2013-09-05 17:18:53

by Emmanuel Florac

[permalink] [raw]
Subject: Hard to debug NFS loss of connectivity


Hi list, I have a serious problem I've never met before. Here is the
setup:

The NFS server is running Debian 6 amd64 but with a plain vanilla 3.2.50
kernel. it shares a large 81 TB volume (XFS over LVM on hardware RAID6)
through nfs without any particular options. Here is a glimpse
of /etc/exports:

/mnt/raid 10.1.1.0/255.255.255.128(fsid=1,rw,no_root_squash,async,no_subtree_check)

On the other side is a VMWare ESX VM running Ubuntu 12.04LTS, kernel 3.2.0-52 Ubuntu
amd64 mounting the share. From the fstab:

10.1.1.99:/mnt/raid /server nfs rw,hard,intr 0 0

The problem is as follow: stat'ing files on the VM makes the
NFS connection drop. For instance:

find /server -type f -ls

It works for a while, then stops responding. The NFS mount is frozen.
The network link is OK; I still can ssh from the server to the VM
and back, I can wget from the VM to the server, ping the server
from the VM, etc. Only NFS is affected.

Restarting NFS on the server does nothing to unfreeze the mount.
Using nfs4 instead of nfs3 does nothing. The only remedy is to reboot the VM.
There isn't any error in dmesg, /var/log/syslog or
/var/log/messages in the VM nor the server.

I've tried rebooting the server on a 3.9.7 kernel. Same thing.
Of course there isn't any data corruption of any sort.
Running "find /mnt/raid -type f -ls" on the server works
perfectly and lists about 25000 files without the slightest trouble.

It works equally well if I mount the NFS share on the server itself.


Now it's becoming crazier: When I run the find command as
previously said, it freezes always on the same file, for
instance :

/server/folder1/folder2/folder3/folder4/.svn/somefile

However, if after a fresh reboot I do

stat /server/folder1/folder2/folder3/folder4/.svn/somefile

no problem. Even doing this:

cd /server/folder1/folder2/folder3/folder4/ && find . -type f -ls

works. However this

cd /server/folder1/folder2/folder3/ && find . -type f -ls

doesn't fly. It freezes at exactly the same point.
In the first test (running directly from /server) it
freezes after successfully listing 10000 files. In the last
test it freezes after only 25 files.
So apparently it's not about the number of files.
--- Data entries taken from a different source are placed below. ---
(** * Compactness of closed intervals *)

(** Proof by the supremum of the points up to which a single index suffices. *)
Lemma uniform (u v : R) (P : nat -> R -> Prop) :
  u <= v ->
  (forall n m y, (n <= m)%nat -> P n y -> P m y) ->
  (forall x, u <= x <= v -> exists n d, 0 < d /\ forall y, Rabs (y - x) < d -> P n y) ->
  exists N eta, 0 < eta /\ forall y, u - eta < y < v + eta -> P N y.
Proof.
  intros Huv Hmono Hloc.
  set (E := fun w => u <= w <= v /\ exists N, forall y, u <= y <= w -> P N y).
  assert (HEu : E u).
  { split; [lra|]. destruct (Hloc u) as [n [d [Hd Hn]]]; [lra|].
    exists n. intros y Hy. apply Hn. replace (y - u) with 0 by lra. rewrite Rabs_R0; lra. }
  assert (Hb : bound E) by (exists v; intros w [Hw _]; lra).
  destruct (completeness E Hb (ex_intro _ u HEu)) as [s [Hub Hlub]].
  assert (Hsu : u <= s) by (apply Hub; exact HEu).
  assert (Hsv : s <= v) by (apply Hlub; intros w [Hw _]; lra).
  destruct (Hloc s) as [ns [ds [Hds Hns]]]; [lra|].
  assert (Hw : exists w, E w /\ s - ds / 2 < w).
  { apply NNPP. intro Hn. assert (s <= s - ds / 2); [|lra].
    apply Hlub. intros w Hw. apply Rnot_lt_le. intro Hlt. apply Hn. exists w; auto. }
  destruct Hw as [w [[Hw1 [Nw HNw]] Hw2]].
  set (w' := Rmin (s + ds / 2) v).
  assert (HEw' : E w').
  { split; [unfold w'; split; [apply Rmin_glb; lra|apply Rmin_r]|].
    exists (Nat.max Nw ns). intros y Hy.
    destruct (Rle_dec y w) as [Hyw|Hyw].
    - apply (Hmono Nw); [lia|]. apply HNw; lra.
    - apply (Hmono ns); [lia|]. apply Hns.
      assert (y <= s + ds / 2) by (pose proof (Rmin_l (s + ds / 2) v); unfold w' in Hy; lra).
      apply Rabs_def1; lra. }
  assert (Hw'v : w' = v).
  { assert (w' <= s) by (apply Hub; exact HEw').
    unfold w' in *. destruct (Rle_dec (s + ds / 2) v).
    - rewrite Rmin_left in * by lra. lra.
    - now rewrite Rmin_right by lra. }
  destruct HEw' as [_ [Nv HNv]]. rewrite Hw'v in HNv.
  destruct (Hloc u) as [nu [du [Hdu Hnu]]]; [lra|].
  destruct (Hloc v) as [nv [dv [Hdv Hnv]]]; [lra|].
  exists (Nat.max Nv (Nat.max nu nv)), (Rmin du dv). split; [now apply Rmin_glb_lt|].
  intros y Hy. pose proof (Rmin_l du dv). pose proof (Rmin_r du dv).
  destruct (Rlt_dec y u) as [Hyu|Hyu]; [|destruct (Rlt_dec v y) as [Hyv|Hyv]].
  - apply (Hmono nu); [lia|]. apply Hnu. apply Rabs_def1; lra.
  - apply (Hmono nv); [lia|]. apply Hnv. apply Rabs_def1; lra.
  - apply (Hmono Nv); [lia|]. apply HNv; lra.
Qed.

Lemma uniform_unit (u v : R) (P : nat -> R -> Prop) :
  u <= v ->
  (forall n m y, (n <= m)%nat -> P n y -> P m y) ->
  (forall x, u <= x <= v -> 0 <= x <= 1 ->
     exists n d, 0 < d /\ forall y, 0 <= y <= 1 -> Rabs (y - x) < d -> P n y) ->
  exists N eta, 0 < eta /\ forall y, u - eta < y < v + eta -> 0 <= y <= 1 -> P N y.
Proof.
  intros Huv Hmono Hloc.
  apply (uniform u v (fun n y => 0 <= y <= 1 -> P n y) Huv).
  - intros n m y Hnm Hn Hy. exact (Hmono n m y Hnm (Hn Hy)).
  - intros x Hx. destruct (Rle_dec 0 x) as [H0|H0]; [destruct (Rle_dec x 1) as [H1|H1]|].
    + destruct (Hloc x Hx (conj H0 H1)) as [n [d [Hd Hn]]]. exists n, d. split; auto.
    + exists 0%nat, (x - 1). split; [lra|]. intros y Hy Hy01. apply Rabs_def2 in Hy. lra.
    + exists 0%nat, (- x). split; [lra|]. intros y Hy Hy01. apply Rabs_def2 in Hy. lra.
Qed.

Definition floor_nat (x : R) : nat := Z.to_nat (Zfloor x).

Lemma floor_nat_spec x : 0 <= x -> INR (floor_nat x) <= x < INR (floor_nat x) + 1.
Proof.
  intro Hx. unfold floor_nat. pose proof (Zfloor_bound x) as [H1 H2].
  assert (0 <= Zfloor x)%Z by (apply Zfloor_lub; simpl; lra).
  rewrite INR_IZR_INZ, Znat.Z2Nat.id by lia. lra.
Qed.

Lemma INR_S_pos n : 0 < INR (S n).
Proof. apply lt_0_INR; lia. Qed.

Lemma arch_inv (d : R) : 0 < d -> exists e : nat, / INR (S e) < d.
Proof.
  intro Hd. exists (floor_nat (/ d)).
  pose proof (floor_nat_spec (/ d) (Rlt_le _ _ (Rinv_0_lt_compat _ Hd))) as [_ H].
  rewrite S_INR. replace d with (/ / d) at 2 by (field; lra).
  apply Rinv_lt_contravar; [|lra].
  apply Rmult_lt_0_compat; [now apply Rinv_0_lt_compat|pose proof (pos_INR (floor_nat (/ d))); lra].
Qed.

(** [strict_name nu x]: [nu] is a Cauchy name of [x] with strict error bounds; such
    names leave room to move [x] a little without changing a finite prefix. *)
Definition strict_name (nu : Baire) (x : R) : Prop :=
  0 <= x <= 1 /\ forall n, exists q, qcode (nu n) q /\ Rabs (q - x) < / 2 ^ n.

Lemma strict_name_rep nu x : strict_name nu x -> rep I_space nu x.
Proof.
  intros [Hx H]. split; [exact Hx|]. intro n. destruct (H n) as [q [Hq Hl]].
  exists q; split; [exact Hq|lra].
Qed.

Definition dyadic_name (x : R) : Baire :=
  fun n => cpair (floor_nat (x * 2 ^ n)) (cpair 0 (Nat.pow 2 n - 1)).

Lemma dyadic_name_spec x : 0 <= x <= 1 -> strict_name (dyadic_name x) x.
Proof.
  intro Hx. split; [exact Hx|]. intro n.
  assert (HP : 0 < 2 ^ n) by (apply pow_lt; lra).
  set (f := floor_nat (x * 2 ^ n)).
  exists (INR f / 2 ^ n). split.
  - exists f, 0%nat, (Nat.pow 2 n - 1)%nat. split; [reflexivity|]. unfold qval.
    pose proof (Nat.pow_nonzero 2 n ltac:(lia)).
    replace (S (Nat.pow 2 n - 1)) with (Nat.pow 2 n) by lia.
    rewrite pow_INR. simpl INR. f_equal. ring.
  - pose proof (floor_nat_spec (x * 2 ^ n) ltac:(apply Rmult_le_pos; lra)) as [H1 H2].
    fold f in H1, H2.
    replace (INR f / 2 ^ n - x) with ((INR f - x * 2 ^ n) * / 2 ^ n) by (field; lra).
    rewrite Rabs_mult, (Rabs_right (/ 2 ^ n)) by (left; apply Rinv_0_lt_compat; lra).
    rewrite <- (Rmult_1_l (/ 2 ^ n)) at 2. apply Rmult_lt_compat_r.
    + now apply Rinv_0_lt_compat.
    + apply Rabs_def1; lra.
Qed.

Lemma strict_name_perturb nu x k : strict_name nu x -> exists d, 0 < d /\
  forall y, 0 <= y <= 1 -> Rabs (y - x) < d ->
  exists nu', strict_name nu' y /\ forall i, (i < k)%nat -> nu' i = nu i.
Proof.
  intros [Hx Hn].
  assert (Hslack : exists d, 0 < d /\ forall i, (i < k)%nat ->
             exists q, qcode (nu i) q /\ Rabs (q - x) + d < / 2 ^ i).
  { induction k as [|k [d [Hd Hi]]].
    - exists 1. split; [lra|]. intros; lia.
    - destruct (Hn k) as [q [Hq Hl]].
      exists (Rmin d ((/ 2 ^ k - Rabs (q - x)) / 2)). split; [apply Rmin_glb_lt; lra|].
      intros i Hik. pose proof (Rmin_l d ((/ 2 ^ k - Rabs (q - x)) / 2)).
      pose proof (Rmin_r d ((/ 2 ^ k - Rabs (q - x)) / 2)).
      destruct (Nat.eq_dec i k) as [->|Hne].
      + exists q; split; [exact Hq|lra].
      + destruct (Hi i) as [q' [Hq' Hl']]; [lia|]. exists q'; split; [exact Hq'|lra]. }
  destruct Hslack as [d [Hd Hslack]]. exists d. split; [exact Hd|].
  intros y Hy Hyx. exists (fun i => if Nat.ltb i k then nu i else dyadic_name y i). split.
  - split; [exact Hy|]. intro i. destruct (Nat.ltb_spec i k) as [Hi|Hi].
    + destruct (Hslack i Hi) as [q [Hq Hl]]. exists q; split; [exact Hq|].
      replace (q - y) with ((q - x) + (x - y)) by ring.
      pose proof (Rabs_triang (q - x) (x - y)). rewrite Rabs_minus_sym in Hyx. lra.
    + apply (dyadic_name_spec y Hy).
  - intros i Hi. destruct (Nat.ltb_spec i k); [reflexivity|lia].
Qed.

Definition excluded_by (r : Baire) (k : nat) (y : R) : Prop :=
  exists i j qi qj, r k = S (cpair i j) /\ qcode i qi /\ qcode j qj /\ qi < y < qj.

Definition member (r : Baire) (y : R) : Prop :=
  0 <= y <= 1 /\ ~ exists k, excluded_by r k y.

Lemma rep_member r A : rep AI_space r A -> forall y, A y <-> member r y.
Proof.
  intros [Hsub Hcompl] y. split.
  - intro Hy. split; [exact (Hsub y Hy)|].
    intros [k [i [j [qi [qj Hk]]]]]. apply (proj2 (Hcompl y (Hsub y Hy))); [|exact Hy].
    exists k, i, j, qi, qj. exact Hk.
  - intros [Hy Hnot]. apply NNPP. intro Hn.
    destruct (proj1 (Hcompl y Hy) Hn) as [k [i [j [qi [qj Hk]]]]].
    apply Hnot. exists k, i, j, qi, qj. exact Hk.
Qed.

Definition names_interval (r : Baire) : Prop :=
  exists a b, 0 <= a <= b /\ b <= 1 /\ forall y, member r y <-> a <= y <= b.

(** If [r] names [[a,b]], every name agreeing with [r] on a long enough prefix
    names a subset of the [eps]-neighbourhood of [[a,b]]: by compactness, finitely
    many listed intervals already cover [[0,1]] minus that neighbourhood. *)
Lemma interval_prefix_window r a b eps : 0 < eps ->
  (forall y, member r y <-> a <= y <= b) ->
  exists L, forall r', (forall i, (i < L)%nat -> r' i = r i) ->
    forall y, member r' y -> a - eps < y < b + eps.
Proof.
  intros Heps Hr.
  set (P := fun n y => a - eps < y < b + eps \/ exists k, (k < n)%nat /\ excluded_by r k y).
  destruct (uniform_unit 0 1 P) as [L [eta [Heta HL]]]; [lra| | |].
  - intros n m y Hnm [Hin|[k [Hk Hex]]]; [now left|right].
    exists k. split; [lia|exact Hex].
  - intros x _ Hx. destruct (classic (a - eps < x < b + eps)) as [Hin|Hout].
    + exists 0%nat, (Rmin (x - (a - eps)) (b + eps - x)). split; [apply Rmin_glb_lt; lra|].
      intros y _ Hy. left. pose proof (Rmin_l (x - (a - eps)) (b + eps - x)).
      pose proof (Rmin_r (x - (a - eps)) (b + eps - x)). apply Rabs_def2 in Hy. lra.
    + assert (Hex : exists k, excluded_by r k x).
      { apply NNPP. intro Hn. assert (Hm : member r x) by (split; assumption).
        apply Hr in Hm. lra. }
      destruct Hex as [k [i [j [qi [qj [Hk [Hi [Hj Hlt]]]]]]]].
      exists (S k), (Rmin (x - qi) (qj - x)). split; [apply Rmin_glb_lt; lra|].
      intros y _ Hy. right. exists k. split; [lia|].
      pose proof (Rmin_l (x - qi) (qj - x)). pose proof (Rmin_r (x - qi) (qj - x)).
      apply Rabs_def2 in Hy. exists i, j, qi, qj. repeat split; auto; lra.
  - exists L. intros r' Hagree y [Hy Hnot].
    destruct (HL y ltac:(lra) Hy) as [Hin|[k [Hk [i [j [qi [qj [Hrk Hrest]]]]]]]]; [exact Hin|].
    exfalso. apply Hnot. exists k, i, j, qi, qj. rewrite Hagree by exact Hk. auto.
Qed.

(** * Forcing an output digit *)

Definition forces (al : nat -> nat) (p : Baire) (m v N : nat) (y : R) : Prop :=
  exists nu k, strict_name nu y /\ (k <= N)%nat /\ commits al (bpair p nu) m v k.

Lemma forces_mono al p m v N N' y : (N <= N')%nat -> forces al p m v N y -> forces al p m v N' y.
Proof. intros HN [nu [k [Hnu [Hk Hc]]]]. exists nu, k. split; [exact Hnu|split; [lia|exact Hc]]. Qed.

Lemma forces_transfer al p p' m v N y : (forall i, (i < N)%nat -> p' i = p i) ->
  forces al p m v N y -> forces al p' m v N y.
Proof.
  intros Hagree [nu [k [Hnu [Hk Hc]]]]. exists nu, k. split; [exact Hnu|split; [exact Hk|]].
  apply (commits_transfer _ _ _ _ _ _ Hc). apply bpair_agree; [|auto].
  intros; apply Hagree; lia.
Qed.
Now I'm stuck. Out of going through tcpdump, I have absolutely
not the faintest idea about what's going on, except I tend to
think that's some Ubuntu kernel bug.

Any hint, idea, etc would be extremely welcome. Even some
debugging method less painful than digging through huge
tcpdumps would be nice :)

--
------------------------------------------------------------------------
Emmanuel Florac | Direction technique
| Intellique
| <[email protected]>
| +33 1 78 94 84 02
------------------------------------------------------------------------


2013-09-06 16:55:14

by Emmanuel Florac

[permalink] [raw]
Subject: Re: Hard to debug NFS loss of connectivity

Le Fri, 6 Sep 2013 12:07:35 -0400
"J. Bruce Fields" <[email protected]> ?crivait:

> Weird. Things look normal up through frame 14, which is a READDIRPLUS
> reply. Then the server resends the reply after .2s, and and the
> client resends its call shortly thereafter (but without acking the
> latest reply). And then the rest of the trace is resends of the
> reply.
>
> So it looks like the client stopped ACKing the server's replies?
>
> You may also have filtered out some TCP ACKs, which makes this harder
> to work out.

Ah yes, my bad, one TCP ACK was filtered out. Here I've kept trafic
between the two machines but ssh.

Here I was capturing from the server, maybe I should try capturing on
the client side?

--
------------------------------------------------------------------------
Emmanuel Florac | Direction technique
| Intellique
| <[email protected]>
| +33 1 78 94 84 02
------------------------------------------------------------------------


Attachments:
(No filename) (1.02 kB)
nfserror2.pcap (2.23 kB)
Download all attachments

2013-09-11 15:11:56

by Emmanuel Florac

[permalink] [raw]
Subject: Re: Hard to debug NFS loss of connectivity: problem solved

Le Thu, 5 Sep 2013 19:18:00 +0200
Emmanuel Florac <[email protected]> ?crivait:

> Any hint, idea, etc would be extremely welcome. Even some
> debugging method less painful than digging through huge
> tcpdumps would be nice :)

I post this answer in the faint hope that it may avoid a long and
painful week of testing to someone else :)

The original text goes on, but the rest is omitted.